Discovery of novel N-methyl carbazole tethered rhodanine derivatives as direct inhibitors of Mycobacterium tuberculosis InhA
Shaikh, Mahamadhanif S.,Kanhed, Ashish M.,Chandrasekaran, Balakumar,Palkar, Mahesh B.,Agrawal, Nikhil,Lherbet, Christian,Hampannavar, Girish A.,Karpoormath, Rajshekhar
supporting information, p. 2338 - 2344 (2019/06/20)

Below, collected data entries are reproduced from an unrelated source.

(* For the biased random transpositions walk with parameter $0<a\le 1$, and every $\varepsilon\in(0,1)$, setting $t_N=\lfloor (1-\varepsilon)\frac{1}{2a}N\log N\rfloor$, $$\lim_{N\to\infty}\ \frac12\sum_{\sigma\in S_N}\Big|P^{t_N}(\sigma)-\frac{1}{N!}\Big| = 1 .$$ More precisely, with $K=(N)^{\varepsilon/2}$ and $A_K$ the set of arrangements in which at least $K$ of the $a$-cards are in their original positions, $P^{t_N}(A_K)\to 1$ while $U(A_K)\to 0$, where $U$ is the uniform distribution on $S_N$.
   Context: Biased random transpositions walk: there are $N=2n$ cards. A fixed set of $n$ of them are called $a$-cards and have weight $p(c)=a$; the other $n$ are $b$-cards and have weight $p(c)=b$, where $0<a\le 1$ and $b=2-a$. At each step $t=1,2,\dots$ two cards $R_t$ and $L_t$ are chosen independently, each equal to a given card $c$ with probability $p(c)/N$, and the positions of $R_t$ and $L_t$ are exchanged (nothing happens if $R_t=L_t$). Starting from the identity arrangement, $P^t$ denotes the distribution on $S_N$ of the arrangement after $t$ steps. *)

From Stdlib Require Import Reals.
From mathcomp Require Import all_boot all_fingroup.

Unset Strict Implicit.
Unset Printing Implicit Defensive.

Local Open Scope R_scope.

(* Cards are 'I_(2n); card c is initially at position c.  The a-cards are those
   with index < n, the b-cards those with index >= n. *)
Definition is_acard (n : nat) (c : 'I_(2 * n)) : bool := (c < n)%N.

Definition weight (a : R) (n : nat) (c : 'I_(2 * n)) : R :=
  if is_acard n c then a else 2 - a.

(* An arrangement s : {perm 'I_(2n)} maps each card to its position.
   One step: choose cards R,L independently with probabilities p(c)/N and
   exchange their positions: new arrangement is  x |-> s (tperm R L x),
   which in MathComp's composition convention ((p * q) x = q (p x)) is
   tperm R L * s. *)
Fixpoint Pt (a : R) (n : nat) (t : nat) : {perm 'I_(2 * n)} -> R :=
  match t with
  | O => fun s => if s == 1%g then 1 else 0
  | S t' => fun s =>
      \big[Rplus/0]_(c : 'I_(2 * n)) \big[Rplus/0]_(d : 'I_(2 * n))
        (weight a n c / INR (2 * n)%N * (weight a n d / INR (2 * n)%N)
         * Pt a n t' (tperm c d * s)%g)
  end.

Definition tv_to_uniform (a : R) (n t : nat) : R :=
  / 2 * \big[Rplus/0]_(s : {perm 'I_(2 * n)})
          Rabs (Pt a n t s - / INR ((2 * n)`!)%N).

Definition floor_nat (x : R) : nat := Z.to_nat (Int_part x).

Definition tN (a eps : R) (n : nat) : nat :=
  floor_nat ((1 - eps) * / (2 * a) * INR (2 * n)%N * ln (INR (2 * n)%N)).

InhA (Enoyl-ACP reductase) plays a crucial role in the biosynthetic pathway of cell wall synthesis in Mycobacterium tuberculosis (Mtb). Isoniazid (INH) is an important first-line drug, which inhibits InhA. The rapid increase in resistance to INH and currently marketed drugs as well as emergence of MDR-TB and XDR-TB has complicated the diagnosis and treatment of Mtb with ever increasing threat to human kind. Herein, we report novel N-methyl carbazole derivatives as potential anti-TB compounds acting directly via InhA inhibition. All the synthesized final compounds were screened against Mtb virulent cell line H37Rv and investigated the InhA enzyme inhibition. Interestingly, compound 9e displayed promising inhibition (91%) at 50 μM concentration and IC50 of 2.82 μM against InhA. To understand the ligand receptor interaction between compound 9e and InhA, molecular docking and molecular dynamics experiments were performed. The computational results were in agreement with the observed experimental data. Further, the cytotoxicity studies on mammalian cells revealed that all the compounds were safe.